Steel yourself, you're going to hear the word "merit" a lot. All evidence will suggest that people who write about cabinet composition who have never used the word "merit" in association with federal appointments before will merely have been stockpiling that word in the event of a women-cabinet-minister crisis.
– Be understanding, remember that regional and language representation in cabinet have always been sound politics in this country, "qualifications" we'd be naive to criticize. Gender parity, equal representation of 50 per cent of the population, a demographic that didn't get to vote in federal elections until 1918 and, therefore may not have the same networks and role models inviting it into the political sphere, has brought about the apocalypse.
As a shortcut to explaining that gender parity and merit are not mutually exclusive – point to the qualifications of the current cabinet – and that eventually all parties will benefit from the inevit- able deepening of the political talent pool this simple gesture will engender, try telling any holdouts that men are from Mars, women are from PEI, and speak French.
Two words for anyone you come across gripped with panic over the destruction of our meritocracy vis-à-vis the Prime Minister's selection of ministers: Peter MacKay. If that fails, try "Julian Fantino." If that fails, try "Peter MacKay" twice more.
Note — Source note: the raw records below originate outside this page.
Lemma lam_lt_common_max a b c : b < a -> c < a -> (lam b < lam a) = (lam c < lam a).
Proof.
move=> ba ca.
have J0 : jordan (phi (inc_elem F b a)) (phi (inc_elem F c a)) = inc0.
  rewrite -phiJ (jordan_supported_eq0 (supported_at_elem (ltW ba)) (supported_at_elem (ltW ca))).
  - exact: phi0.
  - by rewrite (gt_eqF ca).
  - by rewrite (gt_eqF ba).
have Sba := phi_elem_supported ba; have Sca := phi_elem_supported ca.
have Nba := phi_elem_neq0 ba; have Nca := phi_elem_neq0 ca.
rewrite !minElt !maxElt in Sba Sca Nba Nca.
case/orP: (lam_lt_total ba) => oba; case/orP: (lam_lt_total ca) => oca;
  rewrite ?oba ?oca ?(lt_gtF oba) ?(lt_gtF oca) // in Sba Sca Nba Nca *.
  case: (jordan_supported_neq0 Sba Sca _ Nba Nca); last by rewrite J0.
  by rewrite lam_lt_neq.
case: (jordan_supported_neq0 Sca Sba _ Nca Nba); last by rewrite jordanC J0.
by rewrite lam_lt_neq.
Qed.

Definition keeps_order (x y : X) := if x < y then lam x < lam y else lam y < lam x.

Lemma keeps_orderC x y : (x < y) || (y < x) -> keeps_order x y = keeps_order y x.
Proof. by rewrite /keeps_order => /orP[] xy; rewrite xy (lt_gtF xy). Qed.

Lemma keeps_order_adjacent x y z : (x < y) || (y < x) -> (x < z) || (z < x) ->
  keeps_order x y = keeps_order x z.
Proof.
rewrite /keeps_order => /orP[] xy /orP[] xz; rewrite ?xy ?xz ?(lt_gtF xy) ?(lt_gtF xz).
- exact: lam_lt_common_min.
- by rewrite (lam_lt_chain xz xy).
- exact: lam_lt_chain.
- exact: lam_lt_common_max.
Qed.

Lemma keeps_order_const x y x' y' : poset_connected X ->
  (x < y) || (y < x) -> (x' < y') || (y' < x') -> keeps_order x y = keeps_order x' y'.
Proof.
move=> Xconn xy x'y'.
pose agrees z := [forall w, (z < w) || (w < z) ==> (keeps_order z w == keeps_order x y)].
have agrees_step a b : a >=< b -> agrees a -> agrees b.
  move=> ab; have [<- // | Nab] := eqVneq a b.
  have ba_edge : (b < a) || (a < b).
    by case: (comparable_ltgtP ab) Nab.
  move=> /forallP agrees_a; apply/forallP => w; apply/implyP => bw.
  rewrite (keeps_order_adjacent bw ba_edge) (keeps_orderC ba_edge).
  by apply: (implyP (agrees_a b)); rewrite orbC.
have agrees_closed : closed (fun a b : X => a >=< b) agrees.
  by move=> a b ab; apply/idP/idP; apply: agrees_step; rewrite // comparable_sym.
have agrees_x : agrees x.
  by apply/forallP => w; apply/implyP => xw; rewrite (keeps_order_adjacent xw xy).
have := closed_connect agrees_closed (Xconn x x'); rewrite [_ \in _]agrees_x.
by move=> /esym/forallP/(_ y')/implyP/(_ x'y')/eqP.
Qed.

Lemma lam_monotone_or_antitone : poset_connected X ->
  {homo lam : x y / x < y} \/ {homo lam : x y / x < y >-> y < x}.
Proof.
move=> Xconn; pose monotone := [forall a : X, forall b : X, (a < b) ==> (lam a < lam b)].
have [mono | /forallPn[a0 /forallPn[b0]]] := boolP monotone.
  by left => a b; apply/implyP; move/forallP/(_ a)/forallP: mono.
rewrite negb_imply => /andP[a0b0 Nlab0]; right => a b ab.
have := @keeps_order_const a b a0 b0 Xconn.
rewrite /keeps_order ab a0b0 (negbTE Nlab0) => /(_ isT isT) lab_false.
by case/orP: (lam_lt_total ab); rewrite ?lab_false.
Qed.

End JordanEmbedding.

Section OrderMaps.
Variables (d : Order.disp_t) (X : porderType d) (lam : X -> X).
Hypotheses (lam_bij : bijective lam)
  (lam_lt_cmp : forall x y, lam x < lam y -> (x < y) || (y < x)).

Lemma order_automorphism_of_homo_lt :
  {homo lam : x y / x < y} -> order_automorphism lam.
Proof.
move=> mono; split=> // x y; rewrite le_eqVlt => /orP[/eqP | lt].
- by move->; rewrite lexx.
- exact/ltW/mono.
- by move/(bij_inj lam_bij)->; rewrite lexx.
- case/orP: (lam_lt_cmp lt) => [/ltW // | /mono lt_yx].
  by move: (lt_trans lt_yx lt); rewrite ltxx.
Qed.

Lemma order_anti_automorphism_of_homo_lt :
  {homo lam : x y / x < y >-> y < x} -> order_anti_automorphism lam.
Proof.
move=> anti; split=> // x y; rewrite le_eqVlt => /orP[/eqP | lt].
- by move->; rewrite lexx.
- exact/ltW/anti.
- by move/(bij_inj lam_bij)->; rewrite lexx.
- case/orP: (lam_lt_cmp lt) => [/anti lt_yx | /ltW //].
  by move: (lt_trans lt_yx lt); rewrite ltxx.
Qed.

End OrderMaps.

Section JordanAutomorphism.
Variables (d : Order.disp_t) (X : finPOrderType d) (F : fieldType).
Notation I := (incidence X F).

Lemma jordan_automorphism_embedding (phi : I -> I) (lam : X -> X) :
  jordan_automorphism phi -> (forall x, phi (inc_e F x) = inc_e F (lam x)) ->
  jordan_embedding phi lam.
Proof.
case=> [[psi phiK _] phi_lin phi_sqr _] phi_e.
have phiD f g : phi (inc_add f g) = inc_add (phi f) (phi g).
  by have := phi_lin 1 f g; rewrite !inc_scale1.
split=> //; last exact: can_inj phiK.
- apply: inc_ext => p; rewrite inc0E; apply: (addrI (inc_val (phi inc0) p)).
  by rewrite addr0 -inc_addE -phiD inc_addr0.
- move=> f g; apply: inc_ext => p.
  have := congr1 (fun h : I => inc_val h p) (phi_sqr (inc_add f g)).
  by rewrite inc_sqrD !phiD inc_sqrD !phi_sqr !inc_addE => /addIr/addrI.
Qed.

Lemma jordan_embedding_can (phi psi : I -> I) (lam mu : X -> X) :
  jordan_embedding phi lam -> cancel phi psi -> cancel psi phi -> cancel mu lam ->
  jordan_embedding psi mu.
Proof.
case=> phi0 phiJ phi_inj phi_e phiK psiK muK; split.
- by apply: phi_inj; rewrite psiK phi0.
- by move=> f g; apply: phi_inj; rewrite phiJ !psiK.
- exact: can_inj psiK.
- by move=> u; apply: phi_inj; rewrite psiK phi_e muK.
Qed.

End JordanAutomorphism.

Theorem lemma4p2 (d : Order.disp_t) (X : finPOrderType d) (F : fieldType)
    (phi : incidence X F -> incidence X F) (lam : X -> X) :
  poset_connected X ->
  jordan_automorphism phi ->
  bijective lam ->
  (forall x : X, phi (inc_e F x) = inc_e F (lam x)) ->
  order_automorphism lam \/ order_anti_automorphism lam.
Proof.
move=> Xconn Jphi lam_bij phi_e.
have Hphi := jordan_automorphism_embedding Jphi phi_e.
have [psi phiK psiK] : bijective phi by case: Jphi.
have [mu lamK muK] := lam_bij.
have Hpsi := jordan_embedding_can Hphi phiK psiK muK.
have lam_lt_cmp x y : lam x < lam y -> (x < y) || (y < x).
  by move/(lam_lt_total Hpsi); rewrite !lamK.
have [mono | anti] := lam_monotone_or_antitone Hphi Xconn; [left | right].
  exact: order_automorphism_of_homo_lt.
exact: order_anti_automorphism_of_homo_lt.
Qed.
Do not consume the food of anyone you encounter claiming to be fine with the cabinet but decrying the Liberals' decision to announce their gender parity plan ages ago, when it might attract and benefit candidates, and serve as an explicit statement of the party's priorities.
These decriers clearly don't want any politics in their politics, lord knows what's in that shepherd's pie.
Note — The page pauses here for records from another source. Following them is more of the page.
Lemma dotmx_le_mul_schur_embedding (R : realType) n (w : 'M[R]_n) (C : {set 'I_n})
    (y : 'rV[R[i]]_#|C|) :
  (forall i, 0 < deg w i) -> '[y] <= '[y *m (schur_embedding w C)^c].
Proof.
move=> deg_gt0; rewrite dotmx_map_gram schur_embedding_gram // map_mxD map_mx1.
rewrite mulmxDr mulmx1 linearDl /= lerDl -dotmx_map_congr /degmx block_on_diag map_diag_mx.
apply: le_trans (dotmx_diag_ge (b := 0) _) => [|i _]; first by rewrite mul0r.
by rewrite !mxE ler0c ltW.
Qed.


Unset Implicit Arguments.
Theorem lemma4p3 (R : realType) (n : nat) (w : 'M[R]_n) (C : {set 'I_n})
    (nu lam : seq R) :
  weighted_graph w -> wconnected w ->
  ~: C != set0 -> (2 <= #|C|)%N ->
  is_spectrum (normalized_laplacian w) nu ->
  is_spectrum (invsqrt_deg_on w C *m schur (laplacian w) C *m invsqrt_deg_on w C) lam ->
  nu`_1 <= lam`_1.
Proof.
move=> [w_sym w_ge0 _] w_conn _ C_gt1 spec_nu spec_lam.
have n_gt1 : (1 < n)%N by rewrite -[n]card_ord (leq_trans C_gt1) ?max_card.
have deg_pos := deg_gt0 w_ge0 w_conn n_gt1.
have LFF_unit : block_on (~: C) (~: C) (laplacian w) \in unitmx.
  by apply: (laplacian_block_unit w_sym w_ge0 w_conn); rewrite -card_gt0 ltnW.
have [u u_lower] := second_eigenvalue_le_rayleigh
  (trmx_diag_congr _ (laplacian_sym w_sym)) spec_nu.
have [p [V [p_gt1 V_unitary V_upper]]] := rayleigh_le_second_eigenvalue
  (trmx_diag_congr _ (schur_sym _ (laplacian_sym w_sym))) spec_lam C_gt1.
pose W := (schur_embedding w C)^c.
have [c nz_c cVWu] := exists_nonzero_left_kernel (V *m W *m u^t*) p_gt1.
rewrite -lecR; apply: (@ler_rayleigh_chain _ _ _ '[c] '[c *m V *m W]
  '[c *m V *m W *m (normalized_laplacian w)^c, c *m V *m W]).
- by rewrite dnorm_gt0.
- by rewrite -(dotmx_unitary c V_unitary) dotmx_le_mul_schur_embedding.
- exact: dotmx_normalized_laplacian_ge0.
- by apply: u_lower; rewrite dotmxE -!mulmxA (mulmxA V) cVWu mxE.
- by rewrite dotmx_map_congr schur_embedding_congr //; apply: V_upper.
Qed.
– Care for the actual wounded. Women you were convinced desperately needed to be saved from becoming ministers are just fine. Don't bandage them. Stop trying to put a tourniquet on Jane Philpott; it's not possible to cut yourself on being Minister of Health, a position for which she's dauntingly qualified.
In a women-being-equally-represented-in-cabinet emergency, too many people expend their energy worrying about these new ministers' imagined insecurities.
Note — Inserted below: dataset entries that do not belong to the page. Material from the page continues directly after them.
Lemma condE_T theta n J : 0 < theta -> (2 <= n)%nat -> valid (n - 2) J ->
  condE theta n (Tn n) J = (theta + INR n - 1) / (theta + INR n - 2) * Tn (n - 1) J + 1.
Proof.
  intros Ht Hn HV. destruct n as [|[|m]]; try lia.
  replace (S (S m) - 2)%nat with m in HV by lia. replace (S (S m) - 1)%nat with (S m) by lia.
  rewrite condE_attach, Tn_new by (auto; lia).
  rewrite (rsum_ext (S m) (fun p => Tn (S (S m)) (upd J (S m) p))
             (fun p => Tn (S m) J + 1 + INR (depth J p)))
    by (intros; apply Tn_new; auto; lia).
  rewrite !rsum_plus, !rsum_const.
  change (rsum (S m) (fun p => INR (depth J p))) with (Tn (S m) J).
  assert (0 <= INR m) by apply pos_INR. rewrite !S_INR. simpl (depth J 0). simpl INR.
  field. lra.
Qed.

Lemma condE_R theta n J : 0 < theta -> (2 <= n)%nat -> valid (n - 2) J ->
  condE theta n (Rn n) J
  = (theta + INR n) / (theta + INR n - 2) * Rn (n - 1) J + 1 / (theta + INR n - 2) * Tn (n - 1) J.
Proof.
  intros Ht Hn HV. destruct n as [|[|m]]; try lia.
  replace (S (S m) - 2)%nat with m in HV by lia. replace (S (S m) - 1)%nat with (S m) by lia.
  assert (HVi : forall i, (i < S m)%nat -> valid i J) by (intros; apply (valid_le m); auto; lia).
  rewrite condE_attach, Rn_new by (auto; lia).
  rewrite (rsum_ext (S m) (fun p => Rn (S (S m)) (upd J (S m) p))
             (fun p => Rn (S m) J + rsum (S m) (fun i => INR (lca_depth J i p))))
    by (intros; apply Rn_new; auto; lia).
  rewrite rsum_plus, rsum_const.
  rewrite (rsum_ext (S m) (fun i => INR (lca_depth J i 0)) (fun _ => 0))
    by (intros; rewrite lca_root; reflexivity).
  rewrite rsum_square_sym by (intros; rewrite lca_sym; auto).
  rewrite (rsum_ext (S m) (fun k => INR (lca_depth J k k)) (fun k => INR (depth J k)))
    by (intros; rewrite lca_diag; auto).
  change (rsum (S m) (fun k => INR (depth J k))) with (Tn (S m) J).
  change (rsum (S m) (fun j => rsum j (fun i => INR (lca_depth J i j)))) with (Rn (S m) J).
  rewrite rsum_const. assert (0 <= INR m) by apply pos_INR. rewrite !S_INR. field. lra.
Qed.
(* Let $A$ be a cirquent with a subcirquent $B$, let $B'$ be a cirquent with $\overline{B'}<\overline{B}$, and let $A'$ be the result of replacing an occurrence of $B$ in $A$ by $B'$. Then $\overline{A'}<\overline{A}$.
   Context: Cirquents: $\top$, $\bot$ and literals ($p$ or $\neg p$ for an elementary letter $p$) are cirquents; if $A,B$ are cirquents then so are $A\vee B$, $A\wedge B$, $A\sqcap^cB$ ($c$ a conjunctive cluster) and $A\sqcup^cB$ ($c$ a disjunctive cluster). Tetration: ${}^1a=a$, ${}^{n+1}a=a^{({}^na)}$. The rank $\overline{C}$ of a cirquent $C$: $\overline{C}=1$ if $C$ is $\top$, $\bot$ or a literal; $\overline{A\sqcup^cB}=\overline{A\sqcap^cB}=\overline{A}+\overline{B}$; $\overline{A\wedge B}=5^{\overline{A}+\overline{B}}$; $\overline{A\vee B}={}^{(\overline{A}+\overline{B})}5$. *)

From Stdlib Require Import Arith.

(* Conjunctive and disjunctive clusters are just labels attached to the
   choice connectives; their nature is determined by the connective. *)
Definition letter := nat.
Definition cluster := nat.

Inductive cirquent : Type :=
| CTop : cirquent
| CBot : cirquent
| CPos : letter -> cirquent
| CNeg : letter -> cirquent
| COr  : cirquent -> cirquent -> cirquent
| CAnd : cirquent -> cirquent -> cirquent
| CCAnd : cluster -> cirquent -> cirquent -> cirquent
| CCOr  : cluster -> cirquent -> cirquent -> cirquent.

(* Tetration: tet a 1 = a, tet a (n+1) = a ^ (tet a n).
   (tet a 0 := 1 is an irrelevant convention: it is only used with n >= 2.) *)
Fixpoint tet (a n : nat) : nat :=
  match n with
  | 0 => 1
  | 1 => a
  | S m => a ^ (tet a m)
  end.

Fixpoint rank (C : cirquent) : nat :=
  match C with
  | CTop | CBot | CPos _ | CNeg _ => 1
  | CCAnd _ A B | CCOr _ A B => rank A + rank B
  | CAnd A B => 5 ^ (rank A + rank B)
  | COr A B => tet 5 (rank A + rank B)
  end.

(* One-hole contexts: an occurrence of a subcirquent inside a cirquent. *)
Inductive ctx : Type :=
| Hole : ctx
| OrL : ctx -> cirquent -> ctx
| OrR : cirquent -> ctx -> ctx
| AndL : ctx -> cirquent -> ctx
| AndR : cirquent -> ctx -> ctx
| CAndL : cluster -> ctx -> cirquent -> ctx
| CAndR : cluster -> cirquent -> ctx -> ctx
| COrL : cluster -> ctx -> cirquent -> ctx
| COrR : cluster -> cirquent -> ctx -> ctx.

Fixpoint plug (K : ctx) (D : cirquent) : cirquent :=
  match K with
  | Hole => D
  | OrL K' E => COr (plug K' D) E
  | OrR E K' => COr E (plug K' D)
  | AndL K' E => CAnd (plug K' D) E
  | AndR E K' => CAnd E (plug K' D)
  | CAndL c K' E => CCAnd c (plug K' D) E
  | CAndR c E K' => CCAnd c E (plug K' D)
  | COrL c K' E => CCOr c (plug K' D) E
  | COrR c E K' => CCOr c E (plug K' D)
  end.

(* Each connective computes the rank of a compound cirquent as a strictly
   increasing function of the ranks of its two components (a sum, 5 to a sum,
   or a tower of 5s of height a sum), so by induction on the context the rank
   of [plug K D] is strictly increasing in the rank of [D]. *)

From Stdlib Require Import Arith Lia.

Lemma tet_lt_succ (a n : nat) : 1 < a -> tet a n < tet a (S n).
Proof.
  intros Ha; destruct n as [|m].
  - exact Ha.
  - change (tet a (S m) < a ^ tet a (S m)).
    now apply Nat.pow_gt_lin_r.
Qed.

Lemma tet_lt_mono (a m n : nat) : 1 < a -> m < n -> tet a m < tet a n.
Proof.
  intros Ha Hmn; induction Hmn as [|n _ IH].
  - now apply tet_lt_succ.
  - apply Nat.lt_trans with (tet a n); [exact IH | now apply tet_lt_succ].
Qed.

Theorem lemma7p2 (K : ctx) (B B' : cirquent) :
  rank B' < rank B -> rank (plug K B') < rank (plug K B).
Proof.
  intros HB; induction K; simpl.
  - exact HB.
  - apply tet_lt_mono; lia.
  - apply tet_lt_mono; lia.
  - apply Nat.pow_lt_mono_r; lia.
  - apply Nat.pow_lt_mono_r; lia.
  - lia.
  - lia.
  - lia.
  - lia.
Qed.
Retire to your bunker, and rest easy. There's a good chance that these women understand they're well-qualified to be ministers. Anxiety that, because of the quota, Jody Wilson-Raybould will never know if she was really fit to be Minister of Justice or her abilities tapped out at Crown prosecutor, member of the B.C. Treaty Commission and regional chief of the B.C. Assembly of First Nations is likely misplaced.
Thanks for your concern-trolling, pundits, but I'm pretty sure none of these women agonize over the possibility that they're in cabinet only to fill a quota and, if your stated opposition to the quota is that you will never know if they are qualified, seek shelter, somewhere that has Internet, and look them up.
– Always remember that, as a rule, the "you fail, in forming your policy, to take into account what a massive, insufferable, ignorant tool I am" argument is not as effective as you believe. Deploy only as a last result. Claim you were drunk.
Understand that women are generally pretty inured to accusations they're somewhere because of some mostly imagined quota. Our collective eye-roll over this accusation and many other things is what makes the Earth turn and that's why I am not Science Minister like Kirsty Duncan. Google her.
Frankly, certain men believing we're anywhere only to fill a quota makes a novel change from have them believe we're in the building because we're bringing someone a sandwich, are lost and can't find our way out, or are sleeping with the boss.
– Boil water. If, having examined the résumés of everyone in this cabinet, you still feel compelled to write a think piece about all the more qualified Andrew Leslies left out because of these women, plunge both your hands into that water. We can get through this together.